The entries below contain a line with "(forall U W, tau" and a line with "Definition norm_complete (nrm". Quote exactly those two lines and all lines between them.

(Stored data)
⟨

(* Let $\{E_\alpha\}_{\alpha\in\mathbb I}$ be a long directed family of Banach spaces over $\mathbb K\in\{\mathbb R,\mathbb C\}$ whose bonding maps (inclusions $E_\alpha\to E_\beta$, $\alpha\leq\beta$) are linear isometries. Then: (a) $\{E_\alpha\}_{\alpha\in\mathbb I}$ satisfies ACP; (b) $E=\bigcup_\alpha E_\alpha$ with the colimit space topology $\mathscr T$ is a Banach space; and (c) $(E,\mathscr T)$ is the colimit of $\{E_\alpha\}_{\alpha\in\mathbb I}$ in the category $\mathsf{TVS}_{\mathbb K}$ of topological vector spaces over $\mathbb K$ and continuous linear maps, and in its full subcategory $\mathsf{LCTVS}_{\mathbb K}$ of locally convex spaces.
   Context: Long means every countable subset of $\mathbb I$ has an upper bound. The colimit space topology is $\mathscr T=\{U\subseteq E\mid U\cap E_\alpha\text{ open in }E_\alpha\ \forall\alpha\}$. ACP (for the underlying additive topological groups) means $\mathscr T$ coincides with the finest group topology on $E$ making all inclusions continuous. *)

From HB Require Import structures.
From mathcomp Require Import all_boot all_order all_algebra.
From mathcomp Require Import all_classical all_reals all_analysis.
From mathcomp Require Export complex.
Set Implicit Arguments. Unset Strict Implicit. Unset Printing Implicit Defensive.
Import Order.TTheory GRing.Theory Num.Theory.
Local Open Scope classical_set_scope.
Local Open Scope ring_scope.

Definition directed_preorder (I : Type) (le : I -> I -> Prop) : Prop :=
  (forall a, le a a) /\ (forall a b c, le a b -> le b c -> le a c) /\
  (forall a b, exists c, le a c /\ le b c).

Definition long_index (I : Type) (le : I -> I -> Prop) : Prop :=
  forall A : set I, countable A -> exists b, forall a, A a -> le a b.

Section Topologies.
Variable K : numFieldType.
Variable V : lmodType K.

Definition is_topology (tau : set (set V)) : Prop :=
  tau set0 /\ tau setT /\
  (forall U W, tau U -> tau W -> tau (U `&` W)) /\
  (forall F : set (set V), F `<=` tau -> tau (\bigcup_(U in F) U)).

Definition add_continuous (tau : set (set V)) : Prop :=
  forall U x y, tau U -> U (x + y) ->
    exists P W, [/\ tau P, tau W, P x, W y &
                 forall a b, P a -> W b -> U (a + b)].

Definition opp_continuous (tau : set (set V)) : Prop :=
  forall U, tau U -> tau [set x | U (- x)].

Definition scale_continuous (tau : set (set V)) : Prop :=
  forall U (k : K) x, tau U -> U (k *: x) ->
    exists e : K, 0 < e /\ exists P, [/\ tau P, P x &
      forall (k' : K) y, `|k' - k| < e -> P y -> U (k' *: y)].

(* Hausdorffness is not required (the usual convention, also that of
   mathcomp-analysis' topologicalLmodType) *)
Definition group_topology (tau : set (set V)) : Prop :=
  is_topology tau /\ add_continuous tau /\ opp_continuous tau.

Definition tvs_topology (tau : set (set V)) : Prop :=
  is_topology tau /\ add_continuous tau /\ scale_continuous tau.

Definition convex_subset (C : set V) : Prop :=
  forall x y (t : K), C x -> C y -> 0 <= t <= 1 -> C (t *: x + (1 - t) *: y).

Definition locally_convex_topology (tau : set (set V)) : Prop :=
  forall U x, tau U -> U x ->
    exists C, [/\ tau C, C x, C `<=` U & convex_subset C].

Definition is_norm (nrm : V -> K) : Prop :=
  [/\ forall x, 0 <= nrm x,
      forall x, nrm x = 0 -> x = 0,
      forall (k : K) x, nrm (k *: x) = `|k| * nrm x &
      forall x y, nrm (x + y) <= nrm x + nrm y].

Definition norm_complete (nrm : V -> K) : Prop :=
  forall u : nat -> V,
    (forall e : K, 0 < e -> exists N, forall m n, (N <= m)%N -> (N <= n)%N ->
        nrm (u m - u n) < e) ->
    exists l, forall e : K, 0 < e -> exists N, forall n, (N <= n)%N ->
        nrm (u n - l) < e.

Definition norm_topology (nrm : V -> K) : set (set V) :=
  [set U | forall x, U x -> exists2 e : K, 0 < e &
     forall y, nrm (y - x) < e -> U y].

Definition banach_topology (tau : set (set V)) : Prop :=
  exists nrm : V -> K, [/\ is_norm nrm, norm_complete nrm &
                          norm_topology nrm = tau].

Definition is_linear_map (F : lmodType K) (g : V -> F) : Prop :=
  forall (k : K) x y, g (k *: x + y) = k *: g x + g y.

End Topologies.

(* Each E_a is a Banach space; iota a : E_a -> V is the (injective, linear)
   inclusion onto the subset E_a of the union V. *)
Section Family.
Variable K : numFieldType.
Variable I : Type.
Variable le : I -> I -> Prop.
Variable E : I -> completeNormedModType K.
Variable V : lmodType K.
Variable iota : forall a, {linear E a -> V}.

(* E_a is contained in E_b for a <= b, and the inclusion (bonding map) is an
   isometry; linearity of the bonding maps is automatic since iota is linear
   and injective. *)
Definition isometric_bonding : Prop :=
  (forall a, injective (iota a)) /\
  (forall a b, le a b -> forall x : E a, exists y : E b, iota b y = iota a x) /\
  (forall a b, le a b -> forall (x : E a) (y : E b),
      iota a x = iota b y -> `|x| = `|y|).

Definition union_covers : Prop := forall v : V, exists a (x : E a), iota a x = v.

Definition colim_topology : set (set V) :=
  [set U | forall a, open (iota a @^-1` U)].

Definition inclusions_continuous (tau : set (set V)) : Prop :=
  forall a U, tau U -> open (iota a @^-1` U).

Definition ACP : Prop :=
  [/\ group_topology colim_topology,
      inclusions_continuous colim_topology &
      forall sigma : set (set V), group_topology sigma ->
        inclusions_continuous sigma -> sigma `<=` colim_topology].

Definition compatible_family (F : Type) (f : forall a, E a -> F) : Prop :=
  forall a b (x : E a) (y : E b), le a b -> iota a x = iota b y -> f a x = f b y.

Definition continuous_from (tau : set (set V)) (F : topologicalType)
    (g : V -> F) : Prop :=
  forall W : set F, open W -> tau (g @^-1` W).

Definition colimit_in_TVS : Prop :=
  tvs_topology colim_topology /\ inclusions_continuous colim_topology /\
  forall (F : topologicalLmodType K) (f : forall a, {linear E a -> F}),
    (forall a, continuous (f a)) -> compatible_family (fun a => f a) ->
    (exists g : V -> F, [/\ is_linear_map g, continuous_from colim_topology g &
                          forall a x, g (iota a x) = f a x]) /\
    (forall g1 g2 : V -> F,
        is_linear_map g1 -> continuous_from colim_topology g1 ->
        (forall a x, g1 (iota a x) = f a x) ->
        is_linear_map g2 -> continuous_from colim_topology g2 ->
        (forall a x, g2 (iota a x) = f a x) -> g1 = g2).

(* (V, colim_topology) with the inclusions is the colimit in LCTVS_K
   (tvsType K = locally convex topological vector spaces over K) *)
Definition colimit_in_LCTVS : Prop :=
  tvs_topology colim_topology /\ locally_convex_topology colim_topology /\
  inclusions_continuous colim_topology /\
  forall (F : tvsType K) (f : forall a, {linear E a -> F}),
    (forall a, continuous (f a)) -> compatible_family (fun a => f a) ->
    (exists g : V -> F, [/\ is_linear_map g, continuous_from colim_topology g &
                          forall a x, g (iota a x) = f a x]) /\
    (forall g1 g2 : V -> F,
        is_linear_map g1 -> continuous_from colim_topology g1 ->
        (forall a x, g1 (iota a x) = f a x) ->
        is_linear_map g2 -> continuous_from colim_topology g2 ->
        (forall a x, g2 (iota a x) = f a x) -> g1 = g2).

End Family.

Definition corollary2p12_for (K : numFieldType) : Prop :=
  forall (I : Type) (le : I -> I -> Prop)
         (E : I -> completeNormedModType K) (V : lmodType K)
         (iota : forall a, {linear E a -> V}),
    directed_preorder le -> long_index le ->
    isometric_bonding le iota -> union_covers iota ->
    [/\ ACP iota,
        banach_topology (colim_topology iota) &
        colimit_in_TVS le iota /\ colimit_in_LCTVS le iota].

From Pilot Require Import Defs.
From HB Require Import structures.
From mathcomp Require Import all_boot all_order all_algebra.
From mathcomp Require Import all_classical all_reals all_analysis.
From mathcomp Require Import complex.
From mathcomp Require Import ring.
Set Implicit Arguments. Unset Strict Implicit. Unset Printing Implicit Defensive.
Import Order.TTheory GRing.Theory Num.Theory.
Local Open Scope classical_set_scope.
Local Open Scope ring_scope.

(* Since the bonding maps are isometries, the norms of the E_a glue to a norm
   on the union E, and compatible families of maps out of the E_a glue to maps
   on E.  Longness puts every sequence of E into a single E_b.  Hence a Cauchy
   sequence converges in that E_b, and a set U open in every E_a is norm-open:
   otherwise a sequence outside U converging to a point of U would live in one
   E_b, where U is open.  So the colimit topology is the topology of a complete
   norm, hence a locally convex vector space topology, and the universal
   properties follow by gluing. *)

Lemma archimedean_inv_lt (K : numFieldType) : Num.archimedean_axiom K ->
  forall e : K, 0 < e -> exists n : nat, n.+1%:R^-1 < e.
Proof.
move=> archK e e_gt0; have [n hn] := archK e^-1; exists n.
rewrite -[e]invrK ltf_pV2 ?posrE ?invr_gt0 ?ltr0Sn //.
by rewrite gtr0_norm ?invr_gt0 // in hn; rewrite (lt_trans hn) // ltr_nat.
Qed.

Lemma complex_archimedean (R : rcfType) :
  Num.archimedean_axiom R -> Num.archimedean_axiom R[i].
Proof.
move=> archR z.
have [n hn] := archR (Num.sqrt (complex.Re z ^+ 2 + complex.Im z ^+ 2)).
exists n; rewrite normc_def -(rmorph_nat (real_complex R)) ltcE /= eqxx /=.
by rewrite ger0_norm ?sqrtr_ge0 in hn.
Qed.

Section NormTopology.
Variables (K : numFieldType) (V : lmodType K) (nrm : V -> K).
Hypothesis nrmP : is_norm nrm.
(* Assume (A1). For every constant $p>0$ there exists $u_0>0$ such that the integral equation \[ g(u)=\frac{\mu}{u^\gamma e^{-\alpha/u}}\int_0^u t^{\gamma-2}e^{-\alpha/t}\Big(p\,\bar F(t)+\int_0^t g(z)\bar F(t-z)\,dz\Big)dt,\qquad 0<u\le u_0, \] has a unique solution $g\in C([0,u_0])$, and this solution satisfies $g(0)=\lambda p/c$.
   Context: $F$ is the distribution function of a positive random variable (claim size), $\bar F=1-F$. Parameters: $\kappa\in(0,1]$, $a\in\mathbb{R}$, $r\ge0$, $\sigma>0$, $c>0$, $\lambda>0$, and $\gamma=\dfrac{2((a-r)\kappa+r)}{\kappa^2\sigma^2}$, $\alpha=\dfrac{2c}{\kappa^2\sigma^2}$, $\mu=\dfrac{2\lambda}{\kappa^2\sigma^2}$. Assumption (A1): $F(0)=0$. The value $g(0)$ of a continuous $g$ on $[0,u_0]$ is its limit as $u\downarrow0$. *)

From Stdlib Require Import Reals.
From Coquelicot Require Import Coquelicot.
Open Scope R_scope.

Definition is_distribution_function (F : R -> R) : Prop :=
  (forall x y, x <= y -> F x <= F y) /\
  (forall x, filterlim F (at_right x) (locally (F x))) /\
  filterlim F (Rbar_locally m_infty) (locally 0) /\
  filterlim F (Rbar_locally p_infty) (locally 1).

Definition positive_rv_cdf (F : R -> R) : Prop :=
  is_distribution_function F /\ (forall x, x < 0 -> F x = 0).

Definition Fbar (F : R -> R) (x : R) : R := 1 - F x.

Definition continuous_on_closed (a b : R) (g : R -> R) : Prop :=
  forall x, a <= x <= b ->
    filterlim g (within (fun y => a <= y <= b) (locally x)) (locally (g x)).

Definition gamma_ (kappa a r sigma : R) : R :=
  2 * ((a - r) * kappa + r) / (kappa ^ 2 * sigma ^ 2).
Definition alpha_ (kappa sigma c : R) : R := 2 * c / (kappa ^ 2 * sigma ^ 2).
Definition mu_ (kappa sigma lambda : R) : R := 2 * lambda / (kappa ^ 2 * sigma ^ 2).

⟩

Response —
  (forall U W, tau U -> tau W -> tau (U `&` W)) /\
  (forall F : set (set V), F `<=` tau -> tau (\bigcup_(U in F) U)).

Definition add_continuous (tau : set (set V)) : Prop :=
  forall U x y, tau U -> U (x + y) ->
    exists P W, [/\ tau P, tau W, P x, W y &
                 forall a b, P a -> W b -> U (a + b)].

Definition opp_continuous (tau : set (set V)) : Prop :=
  forall U, tau U -> tau [set x | U (- x)].

Definition scale_continuous (tau : set (set V)) : Prop :=
  forall U (k : K) x, tau U -> U (k *: x) ->
    exists e : K, 0 < e /\ exists P, [/\ tau P, P x &
      forall (k' : K) y, `|k' - k| < e -> P y -> U (k' *: y)].

(* Hausdorffness is not required (the usual convention, also that of
   mathcomp-analysis' topologicalLmodType) *)
Definition group_topology (tau : set (set V)) : Prop :=
  is_topology tau /\ add_continuous tau /\ opp_continuous tau.

Definition tvs_topology (tau : set (set V)) : Prop :=
  is_topology tau /\ add_continuous tau /\ scale_continuous tau.

Definition convex_subset (C : set V) : Prop :=
  forall x y (t : K), C x -> C y -> 0 <= t <= 1 -> C (t *: x + (1 - t) *: y).

Definition locally_convex_topology (tau : set (set V)) : Prop :=
  forall U x, tau U -> U x ->
    exists C, [/\ tau C, C x, C `<=` U & convex_subset C].

Definition is_norm (nrm : V -> K) : Prop :=
  [/\ forall x, 0 <= nrm x,
      forall x, nrm x = 0 -> x = 0,
      forall (k : K) x, nrm (k *: x) = `|k| * nrm x &
      forall x y, nrm (x + y) <= nrm x + nrm y].

Definition norm_complete (nrm : V -> K) : Prop :=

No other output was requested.